### DATASET ###

(* For every complete lattice $(\mathcal{L},\leq)$, the category $\mathbf{Graph}_{(\mathcal{L},\leq)}$ is strongly amendable.
   Context: A graph labeled from $\mathcal{L}$ consists of sets $V$, $E$, source and target functions $s,t : E \to V$, and label functions $\ell^V : V \to \mathcal{L}$, $\ell^E : E \to \mathcal{L}$. A premorphism $\phi : G \to G'$ is a pair $(\phi_V : V_G \to V_{G'}, \phi_E : E_G \to E_{G'})$ with $s_{G'} \circ \phi_E = \phi_V \circ s_G$ and $t_{G'} \circ \phi_E = \phi_V \circ t_G$. For a complete lattice $(\mathcal{L},\leq)$, $\mathbf{Graph}_{(\mathcal{L},\leq)}$ has graphs labeled from $\mathcal{L}$ as objects and as morphisms the premorphisms $\phi$ with $\ell_G(x) \leq \ell_{G'}(\phi(x))$ for all $x \in V_G \cup E_G$. A category is amendable if for every morphism $t_L : L \to L'$ there is a factorization $t_L = \beta \circ t_L'$ with $t_L' : L \rightarrowtail L''$ mono such that for every factorization $t_L = \alpha \circ m$ with $m : L \rightarrowtail G_L$ mono there exists $\alpha' : G_L \to L''$ with $\alpha' \circ m = t_L'$ and $\beta \circ \alpha' = \alpha$; it is strongly amendable if the factorization $(t_L',\beta)$ can be chosen so that moreover, in each case, $L \xleftarrow{1_L} L \xrightarrow{m} G_L$ is a pullback of $t_L'$ and $\alpha'$. *)

Set Implicit Arguments.
Unset Strict Implicit.

Record complete_lattice := CompleteLattice {
  lcar :> Type;
  lle : lcar -> lcar -> Prop;
  lle_refl : forall x, lle x x;
  lle_trans : forall x y z, lle x y -> lle y z -> lle x z;
  lle_antisym : forall x y, lle x y -> lle y x -> x = y;
  lcomplete : forall S : lcar -> Prop, exists s : lcar,
      (forall x, S x -> lle x s) /\
      (forall u, (forall x, S x -> lle x u) -> lle s u)
}.

#[local] Unset Implicit Arguments.
Record graph (L : Type) := Graph {
  gV : Type;
  gE : Type;
  gsrc : gE -> gV;
  gtgt : gE -> gV;
  glabV : gV -> L;
  glabE : gE -> L
}.
Arguments gV {L} g.
Arguments gE {L} g.
Arguments gsrc {L} g _.
Arguments gtgt {L} g _.
Arguments glabV {L} g _.
Arguments glabE {L} g _.
#[local] Set Implicit Arguments.

Section Cat.
Variable CL : complete_lattice.
Local Notation L := (lcar CL).
Local Notation "x <= y" := (lle x y).

Record hom (G H : graph L) := Hom {
  homV : gV G -> gV H;
  homE : gE G -> gE H;
  hom_src : forall e, gsrc H (homE e) = homV (gsrc G e);
  hom_tgt : forall e, gtgt H (homE e) = homV (gtgt G e);
  hom_labV : forall v, glabV G v <= glabV H (homV v);
  hom_labE : forall e, glabE G e <= glabE H (homE e)
}.

Definition hom_eq (G H : graph L) (f g : hom G H) : Prop :=
  (forall v, homV f v = homV g v) /\ (forall e, homE f e = homE g e).

Definition hom_id (G : graph L) : hom G G.
Proof.
  refine (@Hom G G (fun v => v) (fun e => e) _ _ _ _);
    intros; solve [reflexivity | apply lle_refl].
Defined.

Definition hom_comp (G H K : graph L) (g : hom H K) (f : hom G H) : hom G K.
Proof.
  refine (@Hom G K (fun v => homV g (homV f v)) (fun e => homE g (homE f e))
            _ _ _ _); intros.
  - rewrite hom_src, hom_src; reflexivity.
  - rewrite hom_tgt, hom_tgt; reflexivity.
  - eapply lle_trans; [apply hom_labV | apply hom_labV].
  - eapply lle_trans; [apply hom_labE | apply hom_labE].
Defined.

Definition mono (G H : graph L) (m : hom G H) : Prop :=
  forall (X : graph L) (f g : hom X G),
    hom_eq (hom_comp m f) (hom_comp m g) -> hom_eq f g.

Definition is_pullback (P A B C : graph L)
    (p : hom P A) (q : hom P B) (f : hom A C) (g : hom B C) : Prop :=
  hom_eq (hom_comp f p) (hom_comp g q) /\
  forall (X : graph L) (x : hom X A) (y : hom X B),
    hom_eq (hom_comp f x) (hom_comp g y) ->
    exists u : hom X P,
      hom_eq (hom_comp p u) x /\ hom_eq (hom_comp q u) y /\
      forall u' : hom X P,
        hom_eq (hom_comp p u') x -> hom_eq (hom_comp q u') y -> hom_eq u' u.

Definition strongly_amendable : Prop :=
  forall (Lg L' : graph L) (tL : hom Lg L'),
    exists (L'' : graph L) (tL' : hom Lg L'') (beta : hom L'' L'),
      mono tL' /\ hom_eq tL (hom_comp beta tL') /\
      forall (GL : graph L) (m : hom Lg GL) (alpha : hom GL L'),
        mono m -> hom_eq tL (hom_comp alpha m) ->
        exists alpha' : hom GL L'',
          hom_eq (hom_comp alpha' m) tL' /\
          hom_eq (hom_comp beta alpha') alpha /\
          is_pullback (hom_id Lg) m tL' alpha'.

End Cat.

(* For tL : Lg -> L', take for L'' the vertices of Lg and of L', the edges of
   Lg, and one copy of each edge of L' for every choice of endpoints in L''
   lying over its endpoints; beta : L'' -> L' is the evident projection and
   every item of L'' carries the label of its image under beta, the largest
   label beta allows.  A mono m : Lg -> GL is injective (test it against
   one-vertex and one-edge graphs labelled by the bottom of the lattice), so
   given alpha with tL = alpha m, alpha' can send the image of m back onto the
   copy of Lg and everything else along alpha, an edge going to the copy of its
   image whose endpoints are the images under alpha' of its endpoints.  As the
   copy of Lg is disjoint from the rest, its preimage under alpha' is exactly
   the image of m: this is the pullback property. *)
From Stdlib Require Import ClassicalEpsilon.
Set Implicit Arguments.
Unset Strict Implicit.

Section Monos.
Variable CL : complete_lattice.

Lemma lbot_exists : exists bot : lcar CL, forall l, lle bot l.
Proof.
  destruct (@lcomplete CL (fun _ => False)) as [bot [_ bot_least]].
  exists bot; intros l; apply bot_least; intros _ [].
Qed.

Section TestGraphs.
Variables (bot : lcar CL) (bot_le : forall l, lle bot l).

Definition vertex_graph : graph CL :=
  @Graph CL unit Empty_set (fun e => match e with end) (fun e => match e with end)
    (fun _ => bot) (fun _ => bot).

Definition vertex_hom (G : graph CL) (v : gV G) : hom vertex_graph G :=
  @Hom CL vertex_graph G (fun _ => v) (fun e => match e with end)
    (fun e => match e with end) (fun e => match e with end)
    (fun _ => bot_le _) (fun e => match e with end).

Definition edge_graph : graph CL :=
  @Graph CL bool unit (fun _ => false) (fun _ => true) (fun _ => bot) (fun _ => bot).

Definition edge_hom (G : graph CL) (e : gE G) : hom edge_graph G :=
  @Hom CL edge_graph G (fun b : bool => if b then gtgt G e else gsrc G e)
    (fun _ => e) (fun _ => eq_refl) (fun _ => eq_refl)
    (fun _ => bot_le _) (fun _ => bot_le _).

End TestGraphs.

Lemma mono_injV (G H : graph CL) (m : hom G H) :
  mono m -> forall a b, homV m a = homV m b -> a = b.
Proof.
  intros m_mono a b Eab; destruct lbot_exists as [bot bot_le].
  assert (Heq : hom_eq (hom_comp m (vertex_hom bot_le a))
                       (hom_comp m (vertex_hom bot_le b))).
  { split; [intros v; exact Eab | intros e; case e]. }
  exact (proj1 (m_mono _ _ _ Heq) tt).
Qed.

Lemma mono_injE (G H : graph CL) (m : hom G H) :
  mono m -> forall a b, homE m a = homE m b -> a = b.
Proof.
  intros m_mono a b Eab; destruct lbot_exists as [bot bot_le].
  assert (Heq : hom_eq (hom_comp m (edge_hom bot_le a))
                       (hom_comp m (edge_hom bot_le b))).
  { split; [intros [|]; simpl | intros u; exact Eab].
    - rewrite <- !hom_tgt, Eab; reflexivity.
    - rewrite <- !hom_src, Eab; reflexivity. }
  exact (proj2 (m_mono _ _ _ Heq) tt).
Qed.

Lemma injective_mono (G H : graph CL) (m : hom G H) :
  (forall a b, homV m a = homV m b -> a = b) ->
  (forall a b, homE m a = homE m b -> a = b) -> mono m.
Proof.
  intros injV injE X f g [HV HE]; split; intros x; [apply injV, HV | apply injE, HE].
Qed.

End Monos.

Section SplitImage.
Variables (A B C : Type) (f : A -> B) (g : B -> C).

Definition split_image (b : B) : A + C :=
  match excluded_middle_informative (exists a, f a = b) with
  | left H => inl (proj1_sig (constructive_indefinite_description _ H))
  | right _ => inr (g b)
  end.

Lemma split_image_spec b :
  (exists a, f a = b /\ split_image b = inl a) \/ split_image b = inr (g b).
Proof.
  unfold split_image; destruct excluded_middle_informative as [H|_]; [left|now right].
  destruct constructive_indefinite_description as [a fa_b]; eauto.
Qed.

Lemma split_image_inl b a : split_image b = inl a -> f a = b.
Proof.
  destruct (split_image_spec b) as [[a' [fa'_b ->]] | ->]; [|discriminate].
  now intros [= <-].
Qed.

Lemma split_image_f :
  (forall a a', f a = f a' -> a = a') -> forall a, split_image (f a) = inl a.
Proof.
  intros f_inj a; unfold split_image.
  destruct excluded_middle_informative as [H|H].
  - destruct constructive_indefinite_description as [a' fa'_fa]; simpl.
    now rewrite (f_inj _ _ fa'_fa).
  - exfalso; apply H; now exists a.
Qed.

End SplitImage.

Section Amendment.
Variables (CL : complete_lattice) (Lg L' : graph CL) (tL : hom Lg L').

Definition amend_vertex : Type := (gV Lg + gV L')%type.

Definition amend_projV (x : amend_vertex) : gV L' :=
  match x with inl a => homV tL a | inr v => v end.

Record amend_new_edge := AmendNewEdge {
  ne_edge : gE L';
  ne_src : amend_vertex;
  ne_tgt : amend_vertex;
  ne_src_over : amend_projV ne_src = gsrc L' ne_edge;
  ne_tgt_over : amend_projV ne_tgt = gtgt L' ne_edge
}.

Definition amend_edge : Type := (gE Lg + amend_new_edge)%type.

Definition amend_src (x : amend_edge) : amend_vertex :=
  match x with inl e => inl (gsrc Lg e) | inr n => ne_src n end.

Definition amend_tgt (x : amend_edge) : amend_vertex :=
  match x with inl e => inl (gtgt Lg e) | inr n => ne_tgt n end.

Definition amend_projE (x : amend_edge) : gE L' :=
  match x with inl e => homE tL e | inr n => ne_edge n end.

Definition amend_graph : graph CL :=
  @Graph CL amend_vertex amend_edge amend_src amend_tgt
    (fun x => glabV L' (amend_projV x)) (fun x => glabE L' (amend_projE x)).

Definition amend_proj : hom amend_graph L'.
Proof.
  refine (@Hom CL amend_graph L' amend_projV amend_projE _ _ _ _).
  - intros [e|n]; [apply hom_src | exact (eq_sym (ne_src_over n))].
  - intros [e|n]; [apply hom_tgt | exact (eq_sym (ne_tgt_over n))].
  - intros x; apply lle_refl.
  - intros x; apply lle_refl.
Defined.

Definition amend_inj : hom Lg amend_graph :=
  @Hom CL Lg amend_graph inl inl (fun _ => eq_refl) (fun _ => eq_refl)
    (hom_labV tL) (hom_labE tL).

Lemma amend_inj_mono : mono amend_inj.
Proof. apply injective_mono; intros a b Eab; now injection Eab. Qed.

Lemma amend_factor : hom_eq tL (hom_comp amend_proj amend_inj).
Proof. split; reflexivity. Qed.

Section Lift.
Variables (GL : graph CL) (m : hom Lg GL) (alpha : hom GL L').
Hypotheses (m_mono : mono m) (alpha_m : hom_eq tL (hom_comp alpha m)).

Definition amend_liftV : gV GL -> amend_vertex := split_image (homV m) (homV alpha).

Lemma amend_liftV_m a : amend_liftV (homV m a) = inl a.
Proof. exact (split_image_f _ (mono_injV m_mono) a). Qed.

Lemma amend_liftV_inl v a : amend_liftV v = inl a -> homV m a = v.
Proof. apply split_image_inl. Qed.

Lemma amend_projV_liftV v : amend_projV (amend_liftV v) = homV alpha v.
Proof.
  unfold amend_liftV; destruct (split_image_spec (homV m) (homV alpha) v) as [[a [<- ->]] | ->].
  - exact (proj1 alpha_m a).
  - reflexivity.
Qed.

Definition new_edge_of (e : gE GL) : amend_new_edge :=
  @AmendNewEdge (homE alpha e) (amend_liftV (gsrc GL e)) (amend_liftV (gtgt GL e))
    (eq_trans (amend_projV_liftV _) (eq_sym (hom_src alpha e)))
    (eq_trans (amend_projV_liftV _) (eq_sym (hom_tgt alpha e))).

Definition amend_liftE : gE GL -> amend_edge := split_image (homE m) new_edge_of.

Lemma amend_liftE_m a : amend_liftE (homE m a) = inl a.
Proof. exact (split_image_f _ (mono_injE m_mono) a). Qed.

Lemma amend_liftE_inl e a : amend_liftE e = inl a -> homE m a = e.
Proof. apply split_image_inl. Qed.

Lemma amend_src_liftE e : amend_src (amend_liftE e) = amend_liftV (gsrc GL e).
Proof.
  unfold amend_liftE; destruct (split_image_spec (homE m) new_edge_of e) as [[a [<- ->]] | ->].
  - simpl; now rewrite hom_src, amend_liftV_m.
  - reflexivity.
Qed.

Lemma amend_tgt_liftE e : amend_tgt (amend_liftE e) = amend_liftV (gtgt GL e).
Proof.
  unfold amend_liftE; destruct (split_image_spec (homE m) new_edge_of e) as [[a [<- ->]] | ->].
  - simpl; now rewrite hom_tgt, amend_liftV_m.
  - reflexivity.
Qed.

Lemma amend_projE_liftE e : amend_projE (amend_liftE e) = homE alpha e.
Proof.
  unfold amend_liftE; destruct (split_image_spec (homE m) new_edge_of e) as [[a [<- ->]] | ->].
  - exact (proj2 alpha_m a).
  - reflexivity.
Qed.

Definition amend_lift : hom GL amend_graph.
Proof.
  refine (@Hom CL GL amend_graph amend_liftV amend_liftE
            amend_src_liftE amend_tgt_liftE _ _).
  - intros v; simpl; rewrite amend_projV_liftV; apply hom_labV.
  - intros e; simpl; rewrite amend_projE_liftE; apply hom_labE.
Defined.

Lemma amend_lift_m : hom_eq (hom_comp amend_lift m) amend_inj.
Proof. split; [exact amend_liftV_m | exact amend_liftE_m]. Qed.

Lemma amend_proj_lift : hom_eq (hom_comp amend_proj amend_lift) alpha.
Proof. split; [exact amend_projV_liftV | exact amend_projE_liftE]. Qed.

Lemma amend_lift_pullback : is_pullback (hom_id Lg) m amend_inj amend_lift.
Proof.
  split.
  - split; intros a; symmetry; [exact (amend_liftV_m a) | exact (amend_liftE_m a)].
  - intros X x y [HV HE]; exists x; split; [|split].
    + split; reflexivity.
    + split; intros w.
      * exact (amend_liftV_inl (eq_sym (HV w))).
      * exact (amend_liftE_inl (eq_sym (HE w))).
    + intros u' [UV UE] _; split; [exact UV | exact UE].
Qed.

End Lift.
End Amendment.

Theorem lemma6 : forall CL : complete_lattice, strongly_amendable CL.
Proof.
  intros CL Lg L' tL.
  exists (amend_graph tL), (amend_inj tL), (amend_proj tL).
  split; [apply amend_inj_mono | split; [apply amend_factor |]].
  intros GL m alpha m_mono alpha_m.
  exists (amend_lift m_mono alpha_m).
  split; [apply amend_lift_m | split; [apply amend_proj_lift | apply amend_lift_pullback]].
Qed.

###

● **DESCRIPTION OF THE TASK**: Write down, word for word, the lines above from the one containing "destruct excluded_middle_informative as [H|H]." through the one containing "amend_edge amend_src amend_tgt", both ends included.

● **REPLY TO THE EXERCISE**:
  destruct excluded_middle_informative as [H|H].
  - destruct constructive_indefinite_description as [a' fa'_fa]; simpl.
    now rewrite (f_inj _ _ fa'_fa).
  - exfalso; apply H; now exists a.
Qed.

End SplitImage.

Section Amendment.
Variables (CL : complete_lattice) (Lg L' : graph CL) (tL : hom Lg L').

Definition amend_vertex : Type := (gV Lg + gV L')%type.

Definition amend_projV (x : amend_vertex) : gV L' :=
  match x with inl a => homV tL a | inr v => v end.

Record amend_new_edge := AmendNewEdge {
  ne_edge : gE L';
  ne_src : amend_vertex;
  ne_tgt : amend_vertex;
  ne_src_over : amend_projV ne_src = gsrc L' ne_edge;
  ne_tgt_over : amend_projV ne_tgt = gtgt L' ne_edge
}.

Definition amend_edge : Type := (gE Lg + amend_new_edge)%type.

Definition amend_src (x : amend_edge) : amend_vertex :=
  match x with inl e => inl (gsrc Lg e) | inr n => ne_src n end.

Definition amend_tgt (x : amend_edge) : amend_vertex :=
  match x with inl e => inl (gtgt Lg e) | inr n => ne_tgt n end.

Definition amend_projE (x : amend_edge) : gE L' :=
  match x with inl e => homE tL e | inr n => ne_edge n end.

Definition amend_graph : graph CL :=
  @Graph CL amend_vertex amend_edge amend_src amend_tgt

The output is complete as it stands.